__TASK TO CARRY OUT__
Copy exactly. Begin with the line that contains "Proof. by move=> MA" and stop after the last line of the records.

(Stored data)

***

(* Let $E$ be a Borel space and consider the setting of the context. For each stopping time $\tau$, the induced policy $\pi_\tau=\{d^\tau_n,n\ge0\}$ belongs to $\Pi^0_{DH}$, i.e. each $d^\tau_n:\mathbb{R}\times\hat H_n\to A$ is measurable with $d^\tau_n(s,\hat h_n)\in A(x_n)$, and $d^\tau_n(0,\hat h_n)=0$ for all $\hat h_n\in H^0_n$.
   Context: $\Omega=\{(x_0,t_1,x_1,t_2,x_2,\dots): x_0\in E,(t_n,x_n)\in\mathbb{R}_+\times E\}$ with product Borel $\sigma$-algebra; $X_n(\omega)=x_n$, $T_0=0$, $T_{n+1}(\omega)=t_{n+1}$, $Y_n(\omega)=(x_0,t_1,x_1,\dots,t_n,x_n)$, $\mathcal{F}_n=\sigma(T_0,X_0,\dots,T_n,X_n)$. A stopping time is $\tau:\Omega\to\{0,1,2,\dots\}\cup\{+\infty\}$ with $\{\tau=n\}\in\mathcal{F}_n$ for all $n$. Decision model: $\hat E=E\cup\{\Delta\}$, $A=\{0,1\}$, $A(x)=\{0,1\}$ for $x\in E$, $A(\Delta)=\{1\}$; $\hat H_n$ is the set of histories $\hat h_n=(x_0,a_0,t_1,x_1,\dots,a_{n-1},t_n,x_n)$ with $x_m\in\hat E$, $a_m\in A(x_m)$, $t_m\in\mathbb{R}_+$; $H^0_n=E\times(\{0\}\times\mathbb{R}_+\times E)^n\subset\hat H_n$. A deterministic policy is a sequence $\{d_n\}$ of measurable $d_n:\mathbb{R}\times\hat H_n\to A$ with $d_n(s,\hat h_n)\in A(x_n)$; $\Pi^0_{DH}$ is the set of deterministic policies with $d_n(0,\hat h_n)=0$ for all $n$ and $\hat h_n\in H^0_n$. Induced policy: $B^\tau_n=\{Y_n(\omega):\omega\in\{\tau=n\}\}$; for $\hat h_n\in\hat H_n$ and $s\in\mathbb{R}$, $d^\tau_n(s,\hat h_n)=\mathbf{1}_{B^\tau_n}(x_0,t_1,x_1,\dots,t_n,x_n)\mathbf{1}_{(0,\infty)}(s)$ if $\hat h_n\in H^0_n$, and $d^\tau_n(s,\hat h_n)=1$ if $\hat h_n\in\hat H_n\setminus H^0_n$; $\pi_\tau=\{d^\tau_n\}$. *)

From HB Require Import structures.
From mathcomp Require Import all_boot all_order all_algebra.
From mathcomp Require Import all_classical all_reals all_analysis.
Set Implicit Arguments. Unset Strict Implicit. Unset Printing Implicit Defensive.
Import Order.TTheory GRing.Theory Num.Theory.
Local Open Scope classical_set_scope.
Local Open Scope ring_scope.

Definition prodSA {T U} (MT : set (set T)) (MU : set (set U)) : set (set (T * U)) :=
  <<s [set X | exists A B, MT A /\ MU B /\ X = A `*` B] >>.

Definition tupleSA {T} (n : nat) (M : set (set T)) : set (set (n.-tuple T)) :=
  <<s [set X | exists S : 'I_n -> set T, (forall i, M (S i)) /\
        X = [set t : n.-tuple T | forall i, S i (tnth t i)]] >>.

Definition discrSA (T : Type) : set (set T) := setT.

Definition mble_on {T U} (MT : set (set T)) (MU : set (set U)) (D : set T)
  (f : T -> U) : Prop :=
  forall Y, MU Y -> exists S, MT S /\ D `&` f @^-1` Y = D `&` S.

Section Setting.
Context (R : realType) (d : measure_display) (E : measurableType d).

Definition borelR : set (set R) := measurable.
Definition nnSA : set (set {nonneg R}) :=
  [set S | exists B : set R, measurable B /\ S = [set x | B x%:num]].

(* omega = (x0, k |-> (t_{k+1}, x_{k+1})) *)
Definition Omega := (E * (nat -> {nonneg R} * E))%type.

Definition Xc (m : nat) (w : Omega) : E :=
  if m is k.+1 then (w.2 k).2 else w.1.
Definition Tc (m : nat) (w : Omega) : R :=
  if m is k.+1 then ((w.2 k).1)%:num else 0.

Definition Fn (n : nat) : set (set Omega) :=
  <<s [set S | exists m, (m <= n)%N /\
        ((exists B : set E, measurable B /\ S = Xc m @^-1` B) \/
         (exists B : set R, measurable B /\ S = Tc m @^-1` B))] >>.

(* stopping times: values in {0,1,...} U {+oo}, None = +oo *)
Definition stopping_time (tau : Omega -> option nat) : Prop :=
  forall n, Fn n [set w | tau w = Some n].

Definition Hn (n : nat) := (E * n.-tuple ({nonneg R} * E))%type.
Definition Yn (n : nat) (w : Omega) : Hn n := (w.1, [tuple w.2 i | i < n]).

(* hat E = E U {Delta}, Delta = None ; A = {0,1} = bool (true = 1) *)
Definition Ehat := option E.
Definition EhatSA : set (set Ehat) := [set S | measurable [set x | S (Some x)]].
Definition Aset (x : Ehat) : set bool := if x is Some _ then setT else [set true].

(* ambient space for histories hat h_n = (x0, a0, t1, x1, ..., a_{n-1}, t_n, x_n):
   (x0, i |-> (a_i, t_{i+1}, x_{i+1})) *)
Definition Hamb (n : nat) := (Ehat * n.-tuple (bool * {nonneg R} * Ehat))%type.
Definition HambSA (n : nat) : set (set (Hamb n)) :=
  prodSA EhatSA (@tupleSA _ n (prodSA (prodSA (@discrSA bool) nnSA) EhatSA)).

Definition hx (n : nat) (h : Hamb n) (m : nat) : Ehat :=
  nth h.1 (h.1 :: [seq p.2 | p <- tval h.2]) m.
Definition ha (n : nat) (h : Hamb n) (i : 'I_n) : bool := (tnth h.2 i).1.1.

Definition Hhat (n : nat) : set (Hamb n) :=
  [set h | forall i : 'I_n, Aset (hx h i) (ha h i)].

(* embedding of H_n onto H^0_n = E x ({0} x R_+ x E)^n *)
Definition iotaH (n : nat) (h : Hn n) : Hamb n :=
  (Some h.1, map_tuple (fun p => (false, p.1, Some p.2)) h.2).
Definition H0 (n : nat) : set (Hamb n) := range (@iotaH n).

Definition policy := forall n : nat, R * Hamb n -> bool.

Definition Pi0DH (pi : policy) : Prop :=
  forall n : nat,
    mble_on (prodSA borelR (@HambSA n)) (@discrSA bool)
            (setT `*` @Hhat n) (pi n)
    /\ (forall s h, @Hhat n h -> Aset (hx h n) (pi n (s, h)))
    /\ (forall h, @H0 n h -> pi n (0, h) = false).

Definition Btau (tau : Omega -> option nat) (n : nat) : set (Hn n) :=
  @Yn n @` [set w | tau w = Some n].

Definition dtau (tau : Omega -> option nat) (n : nat) (sh : R * Hamb n) : bool :=
  if `[< @H0 n sh.2 >] then
    `[< exists h, iotaH h = sh.2 /\ @Btau tau n h >] && (0 < sh.1)
  else true.

Definition pi_tau (tau : Omega -> option nat) : policy := fun n => @dtau tau n.

End Setting.

(* E is a Borel space: Borel-isomorphic to a Borel subset of R *)
Definition borel_space (R : realType) (d : measure_display) (E : measurableType d) : Prop :=
  exists f : E -> R, injective f /\ measurable_fun setT f /\
    measurable (range f) /\ (forall A, measurable A -> measurable (f @` A)).

From HB Require Import structures.
From mathcomp Require Import all_boot all_order all_algebra.
From mathcomp Require Import all_classical all_reals all_analysis.
Set Implicit Arguments. Unset Strict Implicit. Unset Printing Implicit Defensive.
Import Order.TTheory GRing.Theory Num.Theory.
Local Open Scope classical_set_scope.
Local Open Scope ring_scope.

(* On H^0_n the induced decision is d^tau_n(s, h) = 1_{s > 0} 1_{tau(w) = n} for
   any w with Y_n(w) = h: a set of F_n is a union of fibres of Y_n, so the
   choice of w is immaterial, and w can be chosen measurably in h (forget the
   actions, fill the missing coordinates arbitrarily).  Off H^0_n the decision
   is 1.  Hence {d^tau_n = 1} is measurable.  Admissibility holds because
   histories in H^0_n never visit Delta, and d^tau_n(0, .) = 0 on H^0_n since
   0 > 0 fails. *)

Section SigmaAlgebraSetOps.
Context {T : Type} (M : set (set T)) (hM : sigma_algebra setT M).

Lemma sigma_algebra_set0 : M set0.
Proof. by case: hM. Qed.

Lemma sigma_algebra_setC A : M A -> M (~` A).
Proof. by case: hM => _ hC _ /hC; rewrite setTD. Qed.

Lemma sigma_algebra_setT : M setT.
Proof. by rewrite -setC0; exact/sigma_algebra_setC/sigma_algebra_set0. Qed.

Lemma sigma_algebra_setU A B : M A -> M B -> M (A `|` B).
Proof.
case: hM => M0 _ MU MA MB; rewrite -bigcup2E; apply: MU => -[|[|k]] //=.
Qed.

Lemma sigma_algebra_setI A B : M A -> M B -> M (A `&` B).
Proof.
move=> MA MB; rewrite -[A `&` B]setCK setCI.
by apply/sigma_algebra_setC/sigma_algebra_setU; apply: sigma_algebra_setC.
Qed.

End SigmaAlgebraSetOps.

Lemma g_sigma_saturated {T U} (G : set (set T)) (f : T -> U) :
  (forall A, G A -> forall x y, f x = f y -> A x -> A y) ->
  forall A, <<s G >> A -> forall x y, f x = f y -> A x -> A y.
Proof.
move=> satG A GA.
suff [B _ <-] : preimage_set_system setT f setT A.
  by move=> x y /= fxy [_ Bfx]; split => //; rewrite -fxy.
apply: (smallest_sub _ _ GA) => [|A' GA']; first exact: sigma_algebra_preimage.
exists (f @` A') => //; apply/seteqP; split => [x [_ [a A'a fax]]|x A'x] /=.
  exact: (satG _ GA' a x).
by split => //; exists x.
Qed.

Lemma g_sigma_preimage {T U} (G : set (set U)) (M : set (set T)) (f : T -> U) :
  sigma_algebra setT M -> (forall A, G A -> M (f @^-1` A)) ->
  forall A, <<s G >> A -> M (f @^-1` A).
Proof.
move=> hM MG A GA.
have : image_set_system setT f M A.
  apply: (smallest_sub _ _ GA); first exact: sigma_algebra_image.
  by move=> B /MG; rewrite /image_set_system /= setTI.
by rewrite /image_set_system /= setTI.
Qed.

Lemma mble_on_bool {T} (M : set (set T)) (D : set T) (f : T -> bool) :
  sigma_algebra setT M -> M [set x | f x] -> mble_on M (@discrSA bool) D f.
Proof.
move=> hM Mf Y _; exists (f @^-1` Y); split => //.
have [Yt|Yt] := pselect (Y true); have [Yf|Yf] := pselect (Y false).
- rewrite (_ : f @^-1` Y = setT); first exact: sigma_algebra_setT.
  by apply/seteqP; split => x //= _; case: (f x).
- rewrite (_ : f @^-1` Y = [set x | f x]) //.
  by apply/seteqP; split => x /=; case: (f x).
- rewrite (_ : f @^-1` Y = ~` [set x | f x]); first exact: sigma_algebra_setC.
  by apply/seteqP; split => x /=; case: (f x).
- rewrite (_ : f @^-1` Y = set0); first exact: sigma_algebra_set0.
  by apply/seteqP; split => x //=; case: (f x).
Qed.

Lemma prodSA_sigma_algebra {T U} (MT : set (set T)) (MU : set (set U)) :
  sigma_algebra setT (prodSA MT MU).
Proof. exact: smallest_sigma_algebra. Qed.

Lemma prodSA_setT {T U} (MT : set (set T)) (MU : set (set U)) : prodSA MT MU setT.
Proof. by apply: sigma_algebra_setT; exact: prodSA_sigma_algebra. Qed.

Lemma prodSA_setX {T U} (MT : set (set T)) (MU : set (set U)) A B :
  MT A -> MU B -> prodSA MT MU (A `*` B).
Proof. by move=> MA MB; apply: sub_sigma_algebra; exists A, B. Qed.

Lemma tupleSA_sigma_algebra {T} n (M : set (set T)) :
  sigma_algebra setT (@tupleSA _ n M).
Proof. exact: smallest_sigma_algebra. Qed.

Lemma tupleSA_setT {T} n (M : set (set T)) : @tupleSA _ n M setT.
Proof. by apply: sigma_algebra_setT; exact: tupleSA_sigma_algebra. Qed.

Lemma tupleSA_rect {T} n (M : set (set T)) (S : 'I_n -> set T) :
  (forall i, M (S i)) ->
  @tupleSA _ n M [set t : n.-tuple T | forall i, S i (tnth t i)].
Proof. by move=> MS; apply: sub_sigma_algebra; exists S. Qed.

Lemma tupleSA_nth {T} n (M : set (set T)) (x0 : T) k (B : set T) :
  M setT -> (k < n)%N -> M B ->
  @tupleSA _ n M [set t : n.-tuple T | B (nth x0 t k)].
Proof.
move=> MT kn MB; pose S (i : 'I_n) := if val i == k then B else setT.
rewrite (_ : [set t | _] = [set t | forall i, S i (tnth t i)]).
  by apply: tupleSA_rect => i; rewrite /S; case: eqP.
apply/seteqP; split => t /=.
- by move=> Bt i; rewrite /S; case: eqP => // ik; rewrite (tnth_nth x0) ik.
- by move=> /(_ (Ordinal kn)); rewrite /S /= eqxx (tnth_nth x0).
Qed.

Lemma borelR_gt0 (R : realType) : borelR [set x : R | 0 < x].
Proof.
rewrite (_ : [set x | 0 < x] = `]0, +oo[%classic); first exact: measurable_itv.
by apply/seteqP; split => x /=; rewrite in_itv /= andbT.
Qed.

***

__EXERCISE OUTPUT__
Proof. by move=> MA MB; apply: sub_sigma_algebra; exists A, B. Qed.

Lemma tupleSA_sigma_algebra {T} n (M : set (set T)) :
  sigma_algebra setT (@tupleSA _ n M).
Proof. exact: smallest_sigma_algebra. Qed.

Lemma tupleSA_setT {T} n (M : set (set T)) : @tupleSA _ n M setT.
Proof. by apply: sigma_algebra_setT; exact: tupleSA_sigma_algebra. Qed.

Lemma tupleSA_rect {T} n (M : set (set T)) (S : 'I_n -> set T) :
  (forall i, M (S i)) ->
  @tupleSA _ n M [set t : n.-tuple T | forall i, S i (tnth t i)].
Proof. by move=> MS; apply: sub_sigma_algebra; exists S. Qed.

Lemma tupleSA_nth {T} n (M : set (set T)) (x0 : T) k (B : set T) :
  M setT -> (k < n)%N -> M B ->
  @tupleSA _ n M [set t : n.-tuple T | B (nth x0 t k)].
Proof.
move=> MT kn MB; pose S (i : 'I_n) := if val i == k then B else setT.
rewrite (_ : [set t | _] = [set t | forall i, S i (tnth t i)]).
  by apply: tupleSA_rect => i; rewrite /S; case: eqP.
apply/seteqP; split => t /=.
- by move=> Bt i; rewrite /S; case: eqP => // ik; rewrite (tnth_nth x0) ik.
- by move=> /(_ (Ordinal kn)); rewrite /S /= eqxx (tnth_nth x0).
Qed.

Lemma borelR_gt0 (R : realType) : borelR [set x : R | 0 < x].
Proof.
rewrite (_ : [set x | 0 < x] = `]0, +oo[%classic); first exact: measurable_itv.
by apply/seteqP; split => x /=; rewrite in_itv /= andbT.
Qed.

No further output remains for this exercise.